Something to note is that reading in smaller chunks uses less space, but takes more time - taking bytes from a file involves making OS system calls and moving disks or electrons, when reading from a hard drive or an SSD, respectively. C++'s fstream objects already do buffering for you to speed up reads, which is usually a much-needed optimization. You'll know if this affects you.
Another thing to note is the EOF and error handling, using the .eof() method. We have omitted error handling in the textual input retrieval, but here we are forced into doing it, if we don't want to lose data. When EOF is reached, usually less bytes than the buffer size have been read, so we need a way to know how much of the buffer was filled with data. This is what .gcount() tells us. Depending on the program you're making, you may deem the EOF error as "unexpected" if the buffer is partially filled (.gcount() returns a non-0 value) - for example, the data read is incomplete, according to the rules it was assumed to be created after, or in other words, the end of file was reached before the data was supposed to end. Other than that, EOF is a condition that all files are in after being fully read.
C-style I/O
This may look closer to what's taught in school. As we've explained the general concepts above, this section will be richer in coding and explanations of code. We still use C++ as a language, so the C++ version of the C headers and the std namespace will be used - to have the code that follows work in a C compiler, replace the <csomething> headers with <something.h> and remove the std:: namespace prefix from types and functions. Let's dive into it!
Textual input
The equivalent of a C++ stream (std::cin, std::fstream etc.) in C is the std::FILE. FILEs are buffered by default, as are C++ streams. We'll use std::fscanf for reading the size of the input, which is just scanf but it takes as parameter the stream you read from, and std::fgets for reading the text line.
#include <cstdio> // std::FILE, std::fscanf, std::fgets, stdin
#include <cstring> // std::strcspn
// discard_whitespace does what std::ws did above.

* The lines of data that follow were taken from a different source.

Lemma s_y_window_sep m k t t' : (m < k)%nat ->
  tminus (S m) < t <= tplus (S m) -> tminus (S k) < t' <= tplus (S k) -> s_y t < s_y t'.
Proof.
  intros; generalize (s_y_window_upper m t ltac:(lra)) (s_y_tplus_le (S m) k ltac:(lia))
    (s_y_window_lower k t' ltac:(lra)); lra.
Qed.

Section Separation_x.
Variable tau : nat -> option nat.

Lemma s_x_window_pos m t : 0 < coef tau (S m) -> tminus (S m) < t < tplus (S m) -> 0 < s_x tau t.
Proof.
  intros Hc Ht; generalize (window_lt m) PI_RGT_0 (gap_pos m); intros.
  destruct (Rle_lt_dec t (tn (S m))).
  - rewrite (s_x_window_left tau m) by lra; apply Rmult_lt_0_compat; [easy|].
    rewrite <- (phi_prim2_left (tminus (S m)) (tn (S m))) by lra; apply phi_prim2_lt; lra.
  - rewrite (s_x_window_right tau m) by lra; apply Rmult_lt_0_compat; [easy|].
    generalize (phi_prim2_lt (tn (S m)) (tplus (S m)) t (tplus (S m)) ltac:(lra) ltac:(lra)).
    rewrite phi_prim2_right by lra; rewrite tplus_S.
    replace (tn (S m) + gap m / 5 - tn (S m)) with (gap m / 5) by ring; lra.
Qed.

Lemma s_x_window_left_lt m t t' : 0 < coef tau (S m) ->
  tminus (S m) <= t -> t < t' -> t' <= tn (S m) -> s_x tau t < s_x tau t'.
Proof.
  intros; generalize (window_lt m); intros; rewrite !(s_x_window_left tau m) by lra.
  apply Rmult_lt_compat_l; [easy|apply phi_prim2_lt; lra].
Qed.

Lemma s_x_window_right_gt m t t' : 0 < coef tau (S m) ->
  tn (S m) <= t -> t < t' -> t' <= tplus (S m) -> s_x tau t' < s_x tau t.
Proof.
  intros; generalize (window_lt m); intros; rewrite !(s_x_window_right tau m) by lra.
  apply Rmult_lt_compat_l; [easy|].
  generalize (phi_prim2_lt (tn (S m)) (tplus (S m)) t t'); lra.
Qed.

Lemma s_x_zero_or_active_window t : 0 <= t <= 1 ->
  s_x tau t = 0 \/ exists m, 0 < coef tau (S m) /\ tminus (S m) < t < tplus (S m).
Proof.
  intros Ht; destruct (Req_dec t 1) as [->|]; [left; apply s_x_1|].
  destruct (Rlt_le_dec t (tminus 1)); [left; apply s_x_init; lra|].
  destruct (window_of t) as [a Ha]; [lra|]; generalize (window_lt a) (tplus_lt_tminus_S a); intros.
  destruct (Rle_lt_dec (tplus (S a)) t); [left; apply (s_x_gap tau (S a)); lra|].
  destruct (Req_dec t (tminus (S a))) as [->|]; [left; apply s_x_at_tminus|].
  destruct (coef_bounds tau (S a)) as [Hc _]; destruct (Req_dec (coef tau (S a)) 0) as [Hc0|].
  - left; destruct (Rle_lt_dec t (tn (S a)));
      [rewrite (s_x_window_left tau a) | rewrite (s_x_window_right tau a)]; rewrite ?Hc0; lra + ring.
  - right; exists a; split; lra.
Qed.
End Separation_x.

(** * Injectivity and the simple parametrisation *)

Definition on_ramp (t : R) : Prop := t = 1 \/ exists m, tn m <= t < ramp_end m.

Lemma s_y_on_ramp_lt t t' : on_ramp t -> on_ramp t' -> t < t' -> s_y t < s_y t'.
Proof.
  intros [->|[m Hm]] [->|[k Hk]] Htt'; [lra|generalize (ramp_end_bounds k) (tn_lt_1 (S k)); lra| |].
  - rewrite s_y_1; generalize (s_y_ramp_lt_end m t Hm) (y_level_bounds (S m)); lra.
  - generalize (ramp_end_bounds m) (ramp_end_bounds k); intros.
    assert (Hmk : (m <= k)%nat)
      by (destruct (Nat.le_gt_cases m k); [easy|generalize (tn_le (S k) m ltac:(lia)); lra]).
    destruct (Nat.eq_dec m k) as [<-|]; [apply (s_y_ramp_lt m); lra|].
    generalize (s_y_ramp_lt_end m t Hm) (y_level_le (S m) k ltac:(lia))
      (s_y_ramp_bounds k t' ltac:(lra)); lra.
Qed.

Section Reparametrisation.
Variable tau : nat -> option nat.

Definition kept (t : R) : Prop :=
  t = 1 \/ exists m, tn m <= t < tn (S m) /\ (coef tau (S m) = 0 -> t < ramp_end m).

Lemma kept_range t : kept t -> 0 <= t <= 1.
Proof. intros [->|[m [Hm _]]]; [lra|generalize (tn_ge_0 m) (tn_lt_1 (S m)); lra]. Qed.

Lemma kept_on_axis t : kept t -> s_x tau t = 0 -> on_ramp t.
Proof.
  intros [->|[m [Hm Hc]]] Hx; [now left|right; exists m; split; [lra|]].
  destruct (Rlt_le_dec t (ramp_end m)) as [|Hge]; [easy|exfalso].
  destruct (coef_bounds tau (S m)) as [Hc0 _]; destruct (Req_dec (coef tau (S m)) 0) as [Hz|Hnz];
    [specialize (Hc Hz); lra|].
  generalize (tminus_S_bounds m) (window_lt m); intros.
  generalize (s_x_window_pos tau m t ltac:(lra) ltac:(lra)); lra.
Qed.

Lemma s_window_injective m t t' : 0 < coef tau (S m) ->
  tminus (S m) < t < tplus (S m) -> tminus (S m) < t' < tplus (S m) ->
  s_x tau t = s_x tau t' -> s_y t = s_y t' -> t = t'.
Proof.
  intros Hc Ht Ht' Hx Hy; generalize (window_lt m); intros.
  assert (Hsep : forall a b, tminus (S m) < a < tplus (S m) -> tminus (S m) < b < tplus (S m) ->
    a < b -> s_x tau a = s_x tau b -> s_y a = s_y b -> False).
  { intros a b Ha Hb Hab Hxab Hyab; destruct (Rle_lt_dec b (tn (S m))).
    - generalize (s_x_window_left_lt tau m a b Hc ltac:(lra) Hab ltac:(lra)); lra.
    - destruct (Rle_lt_dec (tn (S m)) a).
      + generalize (s_x_window_right_gt tau m a b Hc ltac:(lra) Hab ltac:(lra)); lra.
      + generalize (s_y_window_left m a ltac:(lra)) (s_y_window_right m b ltac:(lra)); lra. }
  destruct (Rtotal_order t t') as [Hlt|[|Hlt]]; [exfalso; now apply (Hsep t t')|easy|].
  exfalso; now apply (Hsep t' t).
Qed.

(* On the axis [s_y] is monotone along the ramps; off the axis the windows are separated
   by [s_y]. *)
Lemma s_injective_on_kept t t' : kept t -> kept t' ->
  s_x tau t = s_x tau t' -> s_y t = s_y t' -> t = t'.
Proof.
  intros Ht Ht' Hx Hy.
  destruct (s_x_zero_or_active_window tau t (kept_range t Ht)) as [H0|[m [Hc Hw]]];
  destruct (s_x_zero_or_active_window tau t' (kept_range t' Ht')) as [H0'|[k [Hc' Hw']]].
  - generalize (kept_on_axis t Ht H0) (kept_on_axis t' Ht' ltac:(lra)); intros Hr Hr'.
    destruct (Rtotal_order t t') as [Hlt|[|Hlt]]; [|easy|];
    [generalize (s_y_on_ramp_lt t t' Hr Hr' Hlt) | generalize (s_y_on_ramp_lt t' t Hr' Hr Hlt)]; lra.
  - generalize (s_x_window_pos tau k t' Hc' Hw'); lra.
  - generalize (s_x_window_pos tau m t Hc Hw); lra.
  - destruct (Nat.lt_total m k) as [Hlt|[<-|Hlt]].
    + generalize (s_y_window_sep m k t t' Hlt ltac:(lra) ltac:(lra)); lra.
    + now apply (s_window_injective m).
    + generalize (s_y_window_sep k m t' t Hlt ltac:(lra) ltac:(lra)); lra.
Qed.

(* When [M_(m+1)] does not halt, the curve retraces the dips of block [m] along the
   y-axis; the reparametrisation then runs through block [m] on its ramp only. *)
Definition reparam_block (m : nat) (u : R) : R :=
  if Rlt_dec 0 (coef tau (S m)) then u else tn m + 5 / 6 * (u - tn m).

Definition reparam (u : R) : R :=
  match excluded_middle_informative (exists m, tn m <= u < tn (S m)) with
  | left H => reparam_block (proj1_sig (constructive_indefinite_description _ H)) u
  | right _ => u
  end.

Lemma reparam_eq m u : tn m <= u < tn (S m) -> reparam u = reparam_block m u.
Proof.
  intros Hu; unfold reparam; case_informative H; [|exfalso; apply H; now exists m].
  destruct constructive_indefinite_description as [k Hk]; cbn [proj1_sig].
  now rewrite (tn_block_unique k m u).
Qed.

Lemma reparam_1 : reparam 1 = 1.
Proof.
  unfold reparam; case_informative H; [|easy].
  exfalso; destruct H as [m Hm]; generalize (tn_lt_1 (S m)); lra.
Qed.

Lemma reparam_tn m : reparam (tn m) = tn m.
Proof.
  rewrite (reparam_eq m) by (generalize (tn_lt m (S m) ltac:(lia)); lra).
  unfold reparam_block; destruct Rlt_dec; ring.
Qed.

Lemma reparam_block_range m u : tn m <= u < tn (S m) ->
  tn m <= reparam_block m u < tn (S m) /\ (coef tau (S m) = 0 -> reparam_block m u < ramp_end m).
Proof.
  intros; generalize (ramp_end_bounds m); unfold reparam_block, ramp_end, gap in *.
  destruct Rlt_dec; intros; split; lra.
Qed.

// It consumes all whitespace before a non-whitespace
// character from stream f.
void discard_whitespace(std::FILE* f) {
char discard;
// The leading space in the format string
// tells fscanf to consume all whitespace.
std::fscanf(f, " %c", &discard);
}
int main() {
int size;
// stdin is a macro, doesn't have a namespace,
// hence no std:: prefix.
std::fscanf(stdin, "%d", &size);
// fscanf, like std::cin, doesn't consume whitespace
discard_whitespace(stdin);
// Your school exercise will probably have a size limit for the input.
// We consider it to be 256.
const int SIZE_UPPER_BOUND = 256;
// We add some extra bytes so the maximum length input can be accomodated.
// 1 is added for the null terminator of C-style strings.
// The other 2 is because `fgets` will also read the newline,
// which can be \n or \r\n, depending on OS. See explanation after code.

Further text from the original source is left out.